Illustration of the Spark direct memory access

If the transferTo is not used (default case) all bytes are loaded to memory from the input stream and are copied to the output stream. This approach certainly places much more work on the CPU and increases memory utilization.

What are the pros and cons?

The major drawback of the BypassMergeSortShuffle is that it consumes a large overhead of resources for each partition. It opens a file and maintains a BufferedOutputStream for every partition, each requiring a memory buffer of the size of spark.shuffle.file.buffer (default 32k). Resulting in R FileStreams and memory allocated for buffers of the size R * bufferSize - where R is the number of reduce tasks (equivalent to the number of partitions after the shuffle). Consequently, on an executor with C cores there exist C * R open BufferedOutputStreams at a time. Furthermore, after writing the R files, we must re-access and read them (eventually into memory) to create an integrated output file.

The major advantage (over other approaches) is the bypassing of the merge sort. As all intermediate files only contain records from a single partition, these files can be combined to form a partitioned output. Within each partition, however, the records are unordered.

What are the preconditions?

Considering these properties of the BypassShuffleMergeSort, it is beneficial to use only in certain situations: There is no point in opening a separate output file for each partition if a map-side combiner and aggregation is specified for the shuffle. In this case only one record would be written to each file.
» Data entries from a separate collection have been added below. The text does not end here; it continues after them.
Lemma spiral_step_close (s t h N : R) :
  0 < s -> 0 < h -> h <= d / 2 -> N = 1 + 3 / d ->
  close (polar s t) (polar 1 (t + h)) /\
  close (Csub (polar (s * N) (t + h)) (polar s t)) (polar 1 (t + h)) /\
  0 < Cmod (Csub (polar (s * N) (t + h)) (polar s t)).
Proof.
  intros Hs Hh Hhd HN.
  assert (HN4 : N >= 4).
  { rewrite HN. assert (3 / d >= 3); [|lra].
    apply Rle_ge, (Rmult_le_reg_r d); [lra|]. field_simplify; lra. }
  set (p := polar s t). set (q := polar (s * N) (t + h)). set (m := polar 1 (t + h)).
  assert (Hm : Cmod m = 1) by (apply Cmod_polar; lra).
  assert (Hp : Cmod p = s) by (apply Cmod_polar; lra).
  assert (HC := cos_small_angle h Hh Hhd). assert (HC1 := COS_bound h).
  assert (Hcm := cos_minus (t + h) t). replace (t + h - t) with h in Hcm by ring.
  assert (S1 := sin2_cos2 t). assert (S2 := sin2_cos2 (t + h)). unfold Rsqr in S1, S2.
  assert (Hd1 : dot p m = s * cos h)
    by (unfold dot, p, m, polar; cbn [fst snd]; rewrite Hcm; ring).
  assert (Hd2 : dot (Csub q p) m = s * (N - cos h)).
  { unfold dot, Csub, p, q, m, polar; cbn [fst snd]. rewrite Hcm.
    transitivity (s * N * (sin (t + h) * sin (t + h) + cos (t + h) * cos (t + h))
        - s * (cos (t + h) * cos t + sin (t + h) * sin t)); [ring|].
    rewrite S2. ring. }
  assert (Hqp2 : fst (Csub q p) ^ 2 + snd (Csub q p) ^ 2
                 = s * s * (N * N - 2 * N * cos h + 1)).
  { unfold Csub, p, q, polar; cbn [fst snd]. rewrite Hcm.
    transitivity (s * s * (N * N * (sin (t + h) * sin (t + h) + cos (t + h) * cos (t + h))
        - 2 * N * (cos (t + h) * cos t + sin (t + h) * sin t)
        + (sin t * sin t + cos t * cos t))); [ring|].
    rewrite S1, S2. ring. }
  split; [|split].
  - unfold close. rewrite Hd1, Hp. nra.
  - unfold close. rewrite Hd2. apply Rle_ge.
    pose proof (Cmod_sq (Csub q p)). pose proof (Cmod_ge0 (Csub q p)).
    pose proof (scaled_rotation_close N (cos h) HN ltac:(lra)).
    assert (0 <= 1 - d * d / 8) by nra.
    assert (((1 - d * d / 8) * Cmod (Csub q p)) * ((1 - d * d / 8) * Cmod (Csub q p))
            <= (s * (N - cos h)) * (s * (N - cos h))).
    { replace (((1 - d * d / 8) * Cmod (Csub q p)) * ((1 - d * d / 8) * Cmod (Csub q p)))
        with (s * s * ((1 - d * d / 8) * (1 - d * d / 8) * (N * N - 2 * N * cos h + 1)))
        by (rewrite <- Rmult_assoc, (Rmult_comm (s * s)), Rmult_assoc, <- Hqp2, <- Cmod_sq;
            ring).
      replace (s * (N - cos h) * (s * (N - cos h))) with (s * s * ((N - cos h) * (N - cos h)))
        by ring.
      apply Rmult_le_compat_l; nra. }
    assert (0 <= s * (N - cos h)) by (apply Rmult_le_pos; lra). nra.
  - pose proof (dot_le_Cmod (Csub q p) m) as C. rewrite Hm, Hd2 in C.
    assert (0 < s * (N - cos h)) by (apply Rmult_lt_0_compat; lra). lra.
Qed.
More importantly, it is reasonable to use the BypassMergeSort only for shuffling a small (whatever that means) number of partitions as we have a large overhead for each partition.
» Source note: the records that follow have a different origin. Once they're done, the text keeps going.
(* Let $n \ge 3$ be an integer and let $I$ be a degree-based topological index with coefficients $c_{12},c_{13},c_{22},c_{23},c_{33}$. Define $c'_{12} = c_{12}-4c_{22}+3c_{23}$, $c'_{13} = c_{13}-3c_{22}+2c_{23}$, $c'_{33} = c_{22}-2c_{23}+c_{33}$. If $\max\{c'_{12},c'_{13}\}<\min\{0,-c'_{33}\}$, then the cycle $C_n$ on $n$ vertices is, up to isomorphism, the only graph in $\mathcal{G}_3(n,n)$ that maximizes $I$.
   Context: For integers $n,m$, $\mathcal{G}_3(n,m)$ denotes the set of simple connected undirected graphs (chemical graphs) with $n$ vertices, $m$ edges and maximum degree at most $3$; in particular $\mathcal{G}_3(n,n)$ is the set of connected unicyclic graphs of order $n$ with maximum degree at most $3$. For a graph $G$ and $1\le i\le j$, an $ij$-edge is an edge whose endpoints have degrees $i$ and $j$, and $m_{ij}$ denotes the number of $ij$-edges of $G$. A degree-based topological index $I$ is a function on chemical graphs of order $n\ge 3$ of the form $I(G)=c_{12}m_{12}+c_{13}m_{13}+c_{22}m_{22}+c_{23}m_{23}+c_{33}m_{33}$, where the $c_{ij}$ are fixed real numbers. *)

From HB Require Import structures.
From mathcomp Require Import all_boot all_order all_algebra fingroup perm.
Set Implicit Arguments. Unset Strict Implicit. Unset Printing Implicit Defensive.
Import Order.TTheory GRing.Theory Num.Theory.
That brings us straight to the pre-conditions that need to be met in order for the hash-shuffle to be chosen by the ShuffleManager:

  1. No map-side combine & aggregation
  2. Small number of partitions: The number of output partitions of a shuffle is less or equal than the configuration parameter spark.shuffle.sort.bypassMergeThreshold.

What can we configure?

There are some configuration parameters that can be adjusted to influence the behavior of the hash-shuffle:

  1. spark.shuffle.sort.bypassMergeThreshold (default: 200): Only if the number of output partitions is smaller that the specified threshold, BypassMergeSortShuffleWriter will be used for the shuffle.
  2. spark.shuffle.file.buffer (default: 32k): This configuration specifies the memory buffer allocated by every output stream. A buffer of this size will be allocated for every partition.
  3. spark.file.transferTo (default: false): Whether the java.nio.channels.transferTo method should be used. This method - dependent on its implementation - enables to copy data between files using direct memory access (DMA).

Conclusion

The goal of a shuffle writer implementation is to create a partitioned map output file so that the subsequent stage can fetch relevant data. The BypassMergeSortShuffleWriter is one of three implementations and - as the name suggests - bypasses the merge sort that is performed by the alternative shuffle strategies. It is based on a very simple approach of opening a file for every output partition and commits records respectively. This approach certainly has its limitations and is beneficial to use merely in a limited set of use cases. The main drawback is that a buffer of a fixed size is allocated in memory for every output partition which makes it unfeasible to be used with many partitions. For a small number of partitions it might, however, be a good choice as it removes work for sorting records from the CPU and potentially even the final copying of files. Therefore, the BypassMergeSortShuffleWriter can be seen as highly specialized optimization for a very specific shuffle use case - in contrast to its actual origin of being an early and naive implementation.